The horror streaming service has added the underrated 1981 sci-fi horror pic STRANGE BEHAVIOR and the 2013 remake of the horror pic PATRICK from director Mark Hartley.
Full Moon TV
Full Moon has added new HD transfers of DOLLMAN and DOLLMAN VS. DEMONIC TOYS.
Night Flight Plus
New to the service are the short films special episode of the series along with the documentary loudQUIETloud: A FILM ABOUT THE PIXIES.
The oddest new title on Amazon is the 2005 film HEART OF THE BEHOLDER, a strange ego project from director Ken Tipton, the founder of the St. Louis video store chain Video Library. Ostensibly about the store’s battle with protesters over the carrying of THE LAST TEMPTATION OF CHRIST, the film is instead a virtual biopic of Tipton, who’s lived through the world of video stores, paintball, and pet removal services and now does something called “Amazing Karma.” It’s a surprisingly professional production, featuring Michael Dorn, Priscilla Barnes and the film debut of Chloe Grace Moretz.
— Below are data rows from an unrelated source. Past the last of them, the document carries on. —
Section TableauBallot.
Variable c : seq nat.
Local Notation k := (size c).
Local Notation L := (rowlen c).

Definition row_nat (r : L.-tuple 'I_k) : seq nat := [seq nat_of_ord i | i <- r].

Definition row2_mult (t : L.-tuple 'I_k * L.-tuple 'I_k) : seq nat :=
  [seq count_mem i (row_nat t.2) | i <- iota 0 k].

Lemma count_mem_row_nat (r : L.-tuple 'I_k) (i : 'I_k) :
  count_mem i r = count_mem (val i) (row_nat r).
Proof. by rewrite /row_nat count_map; apply: eq_count. Qed.

Lemma count_mem_row_nat_out (r : L.-tuple 'I_k) v : k <= v -> count_mem v (row_nat r) = 0.
Proof.
move=> Hv; apply/eqP; rewrite -leqn0 leqNgt -has_count /row_nat has_map.
by apply/hasPn => z _ /=; rewrite neq_ltn (leq_trans (ltn_ord z) Hv).
Qed.

Lemma size_row_nat (r : L.-tuple 'I_k) : size (row_nat r) = L.
Proof. by rewrite size_map size_tuple. Qed.

Lemma count_ltn_row_nat (r : L.-tuple 'I_k) : count (fun z => z < k) (row_nat r) = L.
Proof.
rewrite /row_nat count_map (@eq_count _ _ predT) ?count_predT ?size_tuple // => z.
exact: ltn_ord.
Qed.

Lemma nth_row_nat (r : L.-tuple 'I_k) j (Hj : j < L) :
  nth 0 (row_nat r) j = tnth r (Ordinal Hj).
Proof.
pose x0 := tnth r (Ordinal Hj).
by rewrite /row_nat (nth_map x0) ?size_tuple // [in RHS](tnth_nth x0).
Qed.

Lemma sorted_row_nat (r : L.-tuple 'I_k) :
  sorted (fun a b : 'I_k => (a <= b)%N) r = sorted leq (row_nat r).
Proof. by rewrite /row_nat sorted_map. Qed.

Lemma row_nat_inj (r r' : L.-tuple 'I_k) :
  sorted (fun a b : 'I_k => (a <= b)%N) r -> sorted (fun a b : 'I_k => (a <= b)%N) r' ->
  (forall i, i < k -> count_mem i (row_nat r) = count_mem i (row_nat r')) -> r = r'.
Proof.
rewrite !sorted_row_nat => S S' H.
suff E : row_nat r = row_nat r' by apply/val_inj/(inj_map val_inj).
apply: (sorted_eq leq_trans anti_leq S S'); apply/allP => v _; apply/eqP.
by case: (ltnP v k) => Hv; [apply: H | rewrite !count_mem_row_nat_out].
Qed.

Lemma row_nat_tuple (s : seq nat) : all (fun z => z < k) s -> size s = L ->
  {r : L.-tuple 'I_k | row_nat r = s}.
Proof.
move=> Hk Hs.
have Hsz : size (pmap (insub : nat -> option 'I_k) s) == L.
  by rewrite size_pmap_sub -Hs -[size s]count_predT; apply/eqP/eq_in_count => z /(allP Hk).
exists (Tuple Hsz); rewrite /row_nat /= (pmap_filter (@insubK _ _ _)).
by apply/all_filterP; apply: sub_all Hk => z; rewrite /= isSome_insub.
Qed.
(* Let $G$ and $H$ be decision structures. Then $G$ and $H$ are structurally equivalent if and only if they are isomorphic as arc-labelled graphs, i.e. there is a bijection $\Gamma:N(G)\to N(H)$ such that for all $u,v\in N(G)$ we have $(u,v)\in A(G)$ iff $(\Gamma(u),\Gamma(v))\in A(H)$, and in that case $\ell_G(u,v)=\ell_H(\Gamma(u),\Gamma(v))$.
   Context: Fix a nonempty set $\mathbb{W}$ of states, a set $\mathbb{S}$ of signals with at least two elements, and a set $\mathcal{R}$ of return values. An action is a pair $\alpha=(\alpha_B,\alpha_R)$ of functions $\alpha_B:\mathbb{W}\to\mathbb{S}$ and $\alpha_R:\mathbb{W}\to\mathcal{R}$; $\mathcal{A}$ denotes the set of all actions. A decision structure is a finite directed acyclic graph $Z=(N,A)$, $A\subseteq N\times N$, with a unique source (node with no incoming arc), together with an arc labelling $\ell:A\to\mathcal{R}$ and a node labelling $\eta:N\to\mathcal{A}$, such that distinct arcs leaving the same node have distinct labels; the arc out of $v$ labelled $r$, if it exists, is called the $r$-arc out of $v$. For a state $w$, the action $Z(w)$ selected by $Z$ is obtained as follows: start at the source; at the current node $v$ with $\eta(v)=\alpha$, if the $\alpha_R(w)$-arc out of $v$ exists move to its head and repeat, otherwise output $\alpha$. Two decision structures $G,H$ are structurally equivalent if they have the same number $n$ of nodes and there are enumerations $g_1,\dots,g_n$ of $N(G)$ and $h_1,\dots,h_n$ of $N(H)$ such that for every choice of actions $\alpha_1,\dots,\alpha_n$, relabelling $g_i$ and $h_i$ by $\alpha_i$ for all $i$ yields $G(w)=H(w)$ for every state $w$ (the original node labels play no role). It is assumed that $\mathcal{R}$ contains at least one value that does not label any arc of $G$ or $H$. *)

From mathcomp Require Import all_boot.
Set Implicit Arguments. Unset Strict Implicit. Unset Printing Implicit Defensive.

Definition action (W S Rv : Type) : Type := ((W -> S) * (W -> Rv))%type.

(* A decision structure: a finite DAG (node set a finType, arc set a boolean
   relation) with a unique source, an arc labelling (only meaningful on arcs),
   and a node labelling, such that distinct arcs out of a node have distinct
   labels. *)
Record dstruct (W S Rv : Type) := DStruct {
  node : finType;
  darc : rel node;
  dlab : node -> node -> Rv;
  deta : node -> action W S Rv;
  dsrc : node;
  ds_acyclic : forall u v : node, darc u v -> ~~ connect darc v u;
  ds_source : forall v : node, (forall u, ~~ darc u v) <-> v = dsrc;
  ds_labels : forall v u1 u2 : node,
      darc v u1 -> darc v u2 -> dlab v u1 = dlab v u2 -> u1 = u2
}.

Section Run.
Variables (W S Rv : Type) (Z : dstruct W S Rv).

(* [runs et w v t]: with node labelling [et], state [w], the traversal
   started at node [v] ends (outputs the label of) node [t]. *)
Inductive runs (et : node Z -> action W S Rv) (w : W) : node Z -> node Z -> Prop :=
| runs_stop v :
    (forall u, darc v u -> dlab v u <> (et v).2 w) -> runs et w v v
| runs_step v u t :
    darc v u -> dlab v u = (et v).2 w -> runs et w u t -> runs et w v t.

Definition selects (et : node Z -> action W S Rv) (w : W) (a : action W S Rv) : Prop :=
  exists t, runs et w (dsrc Z) t /\ et t = a.

End Run.

Definition struct_equiv (W S Rv : Type) (G H : dstruct W S Rv) : Prop :=
  exists (n : nat) (g : 'I_n -> node G) (h : 'I_n -> node H),
    bijective g /\ bijective h /\
    forall (alpha : 'I_n -> action W S Rv)
           (etG : node G -> action W S Rv) (etH : node H -> action W S Rv),
      (forall i, etG (g i) = alpha i) -> (forall i, etH (h i) = alpha i) ->
      forall (w : W) (a : action W S Rv), selects etG w a <-> selects etH w a.

Definition arc_iso (W S Rv : Type) (G H : dstruct W S Rv) : Prop :=
  exists Gam : node G -> node H,
    bijective Gam /\
    forall u v : node G,
      (darc u v = darc (Gam u) (Gam v)) /\
      (darc u v -> dlab u v = dlab (Gam u) (Gam v)).

From mathcomp Require Import all_boot.
Set Implicit Arguments. Unset Strict Implicit. Unset Printing Implicit Defensive.

(* Both notions are compared through an intermediate one: a bijection
   Gam : N(G) -> N(H) is relabelling-invariant if, whenever H is labelled by
   transporting the labels of G along Gam, G and H select the same action at
   every state.  Structural equivalence is exactly the existence of such a
   bijection (take Gam = h o g^-1).

   - An arc isomorphism is relabelling-invariant: it maps traversals of G to
     traversals of H step by step, and it maps the source to the source.
   - Conversely, fix a state w0, two signals s1 <> s2 and a return value r0
     labelling no arc.  "Marking" a node t with s1 (all others with s2) makes
     the node selected by H visible, so invariance forces H to end at Gam t
     whenever G ends at t.  By induction on the ancestors of u we build return
     labellings [steering] the traversal of G to u and being r0 off the
     ancestors of u and of Gam u; redirecting the traversal along an arc
     (u, v) then forces H to take the arc (Gam u, Gam v) with the same label.
     Applying this to Gam and to its inverse gives the arc isomorphism. *)

Local Notation "x ~>* y" := (connect (@darc _ _ _ _) x y) (at level 70).

Section Walks.
Variables (W S Rv : Type) (Z : dstruct W S Rv).
Implicit Types (et : node Z -> action W S Rv) (w : W) (x t v : node Z).

(* [walk et w x t]: following return values from [x] can lead to [t];
   unlike [runs], the walk need not stop at [t]. *)
Inductive walk et w : node Z -> node Z -> Prop :=
| walk_refl v : walk et w v v
| walk_step v u t : darc v u -> dlab v u = (et v).2 w -> walk et w u t -> walk et w v t.

Lemma walk_connect et w x t : walk et w x t -> x ~>* t.
Proof.
elim=> [v|v u t' Hvu _ _ IH]; first exact: connect0.
exact: connect_trans (connect1 Hvu) IH.
Qed.

Lemma runs_walk et w x t : runs et w x t -> walk et w x t.
Proof. by elim=> [v _|v u t' H1 H2 _ IH]; [exact: walk_refl | exact: walk_step IH]. Qed.

Lemma walk_trans et w x t t' : walk et w x t -> walk et w t t' -> walk et w x t'.
Proof. by elim=> // v u t0 H1 H2 _ IH /IH; exact: walk_step. Qed.

Lemma walk_runs et w x t :
  walk et w x t -> (forall u, darc t u -> dlab t u <> (et t).2 w) -> runs et w x t.
Proof.
elim=> [v Hs|v u t0 H1 H2 _ IH Hs]; first exact: runs_stop.
exact: runs_step H1 H2 (IH Hs).
Qed.

(* By acyclicity a walk never revisits its endpoint, so changing the return
   values anywhere except at the endpoint preserves it. *)
Lemma walk_relabel et et' w x t :
  walk et w x t -> (forall y, y != t -> (et' y).2 w = (et y).2 w) -> walk et' w x t.
Proof.
elim=> [v _|v u t0 H1 H2 Hr IH Ha]; first exact: walk_refl.
apply: (walk_step H1) (IH Ha); rewrite Ha //; apply/eqP=> E; subst v.
by have := ds_acyclic H1; rewrite (walk_connect Hr).
Qed.

Lemma runs_inv et w x t :
  runs et w x t ->
  x = t /\ (forall u, darc x u -> dlab x u <> (et x).2 w) \/
  exists z, [/\ darc x z, dlab x z = (et x).2 w & runs et w z t].
Proof. by case=> [v Hstop|v u t' H1 H2 H3]; [left | right; exists u]. Qed.

(* Traversals are deterministic: a traversal passes through every node its
   walks reach. *)
Lemma walk_runs_from et w x t t' : walk et w x t -> runs et w x t' -> runs et w t t'.
Proof.
elim=> // v u t0 H1 H2 _ IH /runs_inv [[_ Hstop]|[u' [H1' H2' Hrest]]].
  by case: (Hstop u H1).
have E : u = u' by apply: (ds_labels H1 H1'); rewrite H2 H2'.
by subst u'; exact: IH.
Qed.

End Walks.

Definition relabel_invariant (W S Rv : Type) (G H : dstruct W S Rv)
    (Gam : node G -> node H) : Prop :=
  forall (etG : node G -> action W S Rv) (etH : node H -> action W S Rv),
    (forall x, etH (Gam x) = etG x) ->
    forall (w : W) (a : action W S Rv), selects etG w a <-> selects etH w a.

Definition arc_iso_map (W S Rv : Type) (G H : dstruct W S Rv)
    (Gam : node G -> node H) : Prop :=
  forall u v : node G,
    (darc u v = darc (Gam u) (Gam v)) /\ (darc u v -> dlab u v = dlab (Gam u) (Gam v)).

Section Bijections.
Variables (W S Rv : Type) (G H : dstruct W S Rv).
Variables (Gam : node G -> node H) (Gi : node H -> node G).
Hypotheses (GamK : cancel Gam Gi) (GiK : cancel Gi Gam).

Lemma relabel_invariant_inv : relabel_invariant Gam -> relabel_invariant Gi.
Proof.
move=> inv etH etG etE w a; apply: iff_sym; apply: inv => x.
by rewrite -etE GamK.
Qed.
Lemma CBH_rel_twist k p q h u : k \in S -> k * q = p * h ->
  iota k * vecXY X Y (q *m u) = vecXY X Y (p *m (h *m u)) * iota k.
Proof. by move=> kS kqph; rewrite CBH_rel_vec // !mulmxA !mulmxE kqph. Qed.

Lemma CBH_rel_inv g : g \in S -> g \is a GRing.unit -> g^-1 \in S ->
  iota g * iota g^-1 = 1 /\ iota g^-1 * iota g = 1.
Proof. by move=> gS gU gVS; rewrite -!CBH_relM // mulrV ?mulVr // CBH_rel1. Qed.

Lemma CBH_rel_conj g u : g \in S -> g \is a GRing.unit -> g^-1 \in S ->
  iota g * vecXY X Y u * iota g^-1 = vecXY X Y (g *m u).
Proof.
by move=> gS gU gVS; rewrite CBH_rel_vec // -mulrA (CBH_rel_inv gS gU gVS).1 mulr1.
Qed.

Lemma CBH_rel_conjX g : g \in S -> g \is a GRing.unit -> g^-1 \in S ->
  iota g * X * iota g^-1 = vecXY X Y (g *m ex).
Proof. by move=> gS gU gVS; rewrite -CBH_rel_conj // vecXY_ex. Qed.

Lemma CBH_rel_conjY g : g \in S -> g \is a GRing.unit -> g^-1 \in S ->
  iota g * Y * iota g^-1 = vecXY X Y (g *m ey).
Proof. by move=> gS gU gVS; rewrite -CBH_rel_conj // vecXY_ey. Qed.

Lemma CBH_rel_hom (B : algType F) (f : A -> B) : alg_hom f ->
  CBH_rel S c (f X) (f Y) (f \o iota).
Proof.
move=> hf; case: hR => iota1 iotaM iotaX iotaY comm; split=> /=.
- by rewrite iota1 (alg_hom1 hf).
- by move=> g h gS hS; rewrite iotaM // (alg_homM hf).
- by move=> g gS; rewrite -(alg_homM hf) iotaX // !(alg_homM hf, alg_homD hf, alg_homZ hf).
- by move=> g gS; rewrite -(alg_homM hf) iotaY // !(alg_homM hf, alg_homD hf, alg_homZ hf).
- rewrite -!(alg_homM hf) -(alg_homB hf) comm (alg_hom_sum hf).
  by apply: eq_bigr => g _; rewrite (alg_homZ hf).
Qed.

End Relations.

Section UniversalProperty.
Variables (F : fieldType) (H : algType F) (S : seq 'M[F]_2) (c : 'M[F]_2 -> F).
Variables (X Y : H) (iota : 'M[F]_2 -> H).
Hypothesis hH : is_CBH S c X Y iota.

Lemma CBH_hom_exists (B : algType F) (X' Y' : B) (iota' : 'M[F]_2 -> B) :
  CBH_rel S c X' Y' iota' ->
  exists f : H -> B, alg_hom f /\ on_gens S f X Y iota X' Y' iota'.
Proof. by move=> hR; case: (hH.2 B X' Y' iota' hR). Qed.

Lemma CBH_hom_unique (B : algType F) (f1 f2 : H -> B) :
  alg_hom f1 -> alg_hom f2 -> f1 X = f2 X -> f1 Y = f2 Y ->
  {in S, forall g, f1 (iota g) = f2 (iota g)} -> f1 =1 f2.
Proof.
move=> hf1 hf2 eX eY eI.
have [_ uniq_f] := hH.2 B _ _ _ (CBH_rel_hom hH.1 hf1).
apply: (uniq_f _ _ hf1 hf2); first by split.
by split=> [||g gS] /=; rewrite ?eX ?eY ?eI.
Qed.

Lemma CBH_hom_unique_gens (B : algType F) (X' Y' : B) (iota' : 'M[F]_2 -> B)
    (f1 f2 : H -> B) :
  alg_hom f1 -> alg_hom f2 -> on_gens S f1 X Y iota X' Y' iota' ->
  on_gens S f2 X Y iota X' Y' iota' -> f1 =1 f2.
Proof.
move=> hf1 hf2 [f1X f1Y f1I] [f2X f2Y f2I].
apply: (CBH_hom_unique hf1 hf2) => [||g gS]; first by rewrite f1X f2X.
  by rewrite f1Y f2Y.
by rewrite f1I ?f2I.
Qed.

End UniversalProperty.

(* Indexed by [hP] so that the instances below may depend on it. *)
Record subalg (F : fieldType) (A : algType F) (P : A -> bool)
    (hP : GRing.subsemialg_closed P) : Type :=
  SubAlg { subalg_val :> A; _ : P subalg_val }.

Section Subalgebra.
Variables (F : fieldType) (A : algType F) (P : A -> bool).
Hypothesis hP : GRing.subsemialg_closed P.
HB.instance Definition _ := GRing.isSubalgClosed.Build F A P hP.
HB.instance Definition _ := [isSub for @subalg_val F A P hP].
HB.instance Definition _ := [Choice of subalg hP by <:].
HB.instance Definition _ := [SubChoice_isSubAlgebra of subalg hP by <:].

Lemma subalg_val_hom : alg_hom (@subalg_val F A P hP : subalg hP -> A).
Proof. by []. Qed.
End Subalgebra.

Section Generation.
Variables (F : fieldType) (H : algType F) (S : seq 'M[F]_2) (c : 'M[F]_2 -> F).
Variables (X Y : H) (iota : 'M[F]_2 -> H).
Hypothesis hH : is_CBH S c X Y iota.
Variables (P : H -> bool) (hP : GRing.subsemialg_closed P).
Hypotheses (PX : P X) (PY : P Y) (PI : {in S, forall g, P (iota g)}).

Let iotaP g : subalg hP := insubd (1 : subalg hP) (iota g).

Let val_iotaP g : P (iota g) -> val (iotaP g) = iota g.
Proof. by move=> Pg; rewrite insubdK. Qed.

Let val_hom : alg_hom (val : subalg hP -> H). Proof. exact: subalg_val_hom. Qed.

Lemma CBH_rel_subalg : CBH_rel S c (SubAlg hP PX) (SubAlg hP PY) iotaP.
Proof.
have val_iotaPS g : g \in S -> val (iotaP g) = iota g by move/PI/val_iotaP.
case: hH.1 => iota1 iotaM iotaX iotaY comm; split.
- by apply: val_inj; rewrite (alg_hom1 val_hom) val_iotaP ?iota1 //; apply: rpred1.
- move=> g h gS hS; have Pgh : P (iota (g * h)).
    by rewrite iotaM //; apply: rpredM; apply: PI.
  by apply: val_inj; rewrite (alg_homM val_hom) (val_iotaP Pgh) !val_iotaPS // iotaM.
- move=> g gS; apply: val_inj; rewrite !(alg_homM val_hom) (alg_homD val_hom).
  by rewrite !(alg_homZ val_hom) /= val_iotaPS ?iotaX.
- move=> g gS; apply: val_inj; rewrite !(alg_homM val_hom) (alg_homD val_hom).
  by rewrite !(alg_homZ val_hom) /= val_iotaPS ?iotaY.
- apply: val_inj; rewrite (alg_homB val_hom) !(alg_homM val_hom) (alg_hom_sum val_hom).
  rewrite comm big_seq [RHS]big_seq; apply: eq_bigr => g gS.
  by rewrite (alg_homZ val_hom) val_iotaPS.
Qed.

(* By initiality, H factors through any subalgebra containing the generators. *)
Lemma CBH_subalg_full x : P x.
Proof.
have [f [hf [fX fY fI]]] := CBH_hom_exists hH CBH_rel_subalg.
have valf_id : val \o f =1 id.
  apply: (CBH_hom_unique hH (alg_hom_comp hf val_hom) (alg_hom_id H)) => /=.
  - by rewrite fX.
  - by rewrite fY.
  - by move=> g gS; rewrite fI // val_iotaP ?PI.
by rewrite -(valf_id x); apply: valP.
Qed.

End Generation.

Lemma word_nil (F : fieldType) (A : algType F) (X Y : A) : word X Y [::] = 1.
Proof. by rewrite /word big_nil. Qed.

Lemma word_cons (F : fieldType) (A : algType F) (X Y : A) b w :
  word X Y (b :: w) = (if b then X else Y) * word X Y w.
Proof. by rewrite /word big_cons. Qed.

Section Filtration.
Variables (F : fieldType) (A : algType F) (S : seq 'M[F]_2) (X Y : A).
Variable iota : 'M[F]_2 -> A.
Local Notation fl := (filt S X Y iota).

Lemma alg_hom_word (B : algType F) (f : A -> B) w : alg_hom f ->
  f (word X Y w) = word (f X) (f Y) w.
Proof.
move=> hf; elim: w => [|b w IHw]; first by rewrite !word_nil (alg_hom1 hf).
by rewrite !word_cons (alg_homM hf) IHw; case: b.
Qed.

Lemma filt0 n : fl n 0.
Proof. by exists [::]; rewrite big_nil. Qed.

Lemma filtD n a b : fl n a -> fl n b -> fl n (a + b).
Proof.
by move=> [s [hs ->]] [t [ht ->]]; exists (s ++ t); rewrite all_cat hs ht big_cat.
Qed.

Lemma filtZ n k a : fl n a -> fl n (k *: a).
Proof.
move=> [s [hs ->]]; exists (map (fun t => (k * t.1, t.2)) s).
rewrite all_map big_map scaler_sumr; split; first exact: sub_all hs.
by apply: eq_bigr => t _; rewrite scalerA.
Qed.

Lemma filt_sum n I (r : seq I) (P : pred I) (u : I -> A) :
  (forall i, P i -> fl n (u i)) -> fl n (\sum_(i <- r | P i) u i).
Proof. by apply: (big_ind (fl n)); [exact: filt0 | exact: filtD]. Qed.

Lemma filt_le m n a : (m <= n)%N -> fl m a -> fl n a.
Proof.
move=> mn [s [hs ->]]; exists s; split=> //.
by apply: sub_all hs => t /andP [wm ->]; rewrite (leq_trans wm mn).
Qed.

Lemma filt_word n w g : (size w <= n)%N -> g \in S -> fl n (word X Y w * iota g).
Proof.
by move=> wn gS; exists [:: (1, (w, g))]; rewrite /= wn gS big_seq1 scale1r.
Qed.

Lemma filt_vecXY_mull n u a : fl n a -> fl n.+1 (vecXY X Y u * a).
Proof.
move=> [s [hs ->]]; rewrite mulr_sumr big_seq; apply: filt_sum => t ts.
have /andP [wn tS] := allP hs t ts.
rewrite -scalerAr; apply: filtZ; rewrite /vecXY mulrDl -!scalerAl !mulrA.
have -> : X * word X Y t.2.1 = word X Y (true :: t.2.1) by rewrite word_cons.
have -> : Y * word X Y t.2.1 = word X Y (false :: t.2.1) by rewrite word_cons.
by apply: filtD; apply: filtZ; apply: filt_word.
Qed.

Lemma filt_mulr_iota n a g : {in S &, forall g h, iota (g * h) = iota g * iota h} ->
  {in S &, forall g h, g * h \in S} -> g \in S -> fl n a -> fl n (a * iota g).
Proof.
move=> iotaM SM gS [s [hs ->]]; rewrite mulr_suml big_seq; apply: filt_sum => t ts.
have /andP [wn tS] := allP hs t ts.
by rewrite -scalerAl; apply: filtZ; rewrite -mulrA -iotaM //; apply: filt_word; rewrite ?SM.
Qed.

End Filtration.

Section Quotient.
Variable F : fieldType.
Variables (G K : seq 'M[F]_2) (c : 'M[F]_2 -> F).
Variables (H : algType F) (X Y : H) (iota : 'M[F]_2 -> H).
Variables (H' : algType F) (X' Y' : H') (iota' : 'M[F]_2 -> H').
Hypotheses (hG : finite_subgroup_SL2 G) (hK : normal_subgroup K G).
Hypotheses (hc : central_one G c) (hcK : in_group_algebra K c).
Hypotheses (hH : is_CBH G c X Y iota) (hH' : is_CBH K c X' Y' iota').
Hypothesis char0 : has_pchar0 F.

Local Notation e := (avg_idem G iota).
Local Notation e' := (avg_idem K iota').

Let grpG := SL2_mxgroup hG.
Let grpK := normal_mxgroup hG hK.
Let KG := normal_subgroup_subset hK.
Other new releases include the British horror film TRIP WITH THE DEVIL, Richard Griffin’s slasher homage SEVEN DORMS OF DEATH written by Michael Varrati and Matthew Jason Walsh, the short film OCCULT ACTIVITY, the found-footage horror STEELMANVILLE ROAD: A BAD BEN PREQUEL, the Korean thriller CIRCLE OF ATONEMENT, the Russian iceberg disaster film THE ICEBREAKER, and STARLIGHT, a French-made circus film with Iggy Pop as a Christ figure.
New catalog titles include the 1986 Italian action pic WARBUS, Joe d’Amato’s 1979 action film TOUGH TO KILL, the classic nudie film THIS NUDE WORLD, a batch of “Spaghetti” westerns (1971’s MY NAME IS MALLORY, 1967’s REVENGE OF RINGO, 1971’s TEQUILA aka KILL DJANGO.. KILL FIRST, 1968’s IF YOU WANT YO LIVE… SHOOT!) and martial arts flicks (BRUCE LEE IN NEW GUINEA, REVENGE OF THE DRAGON, HOT, COOL AND VICIOUS), the 2006 documentary ONE FOR THE MONEY: THE BIRTH OF ROCK’N’ROLL, the 1967 Russian adaptation of ANNA KARENINA, and the 1992 Linda Blair thriller FATAL BOND.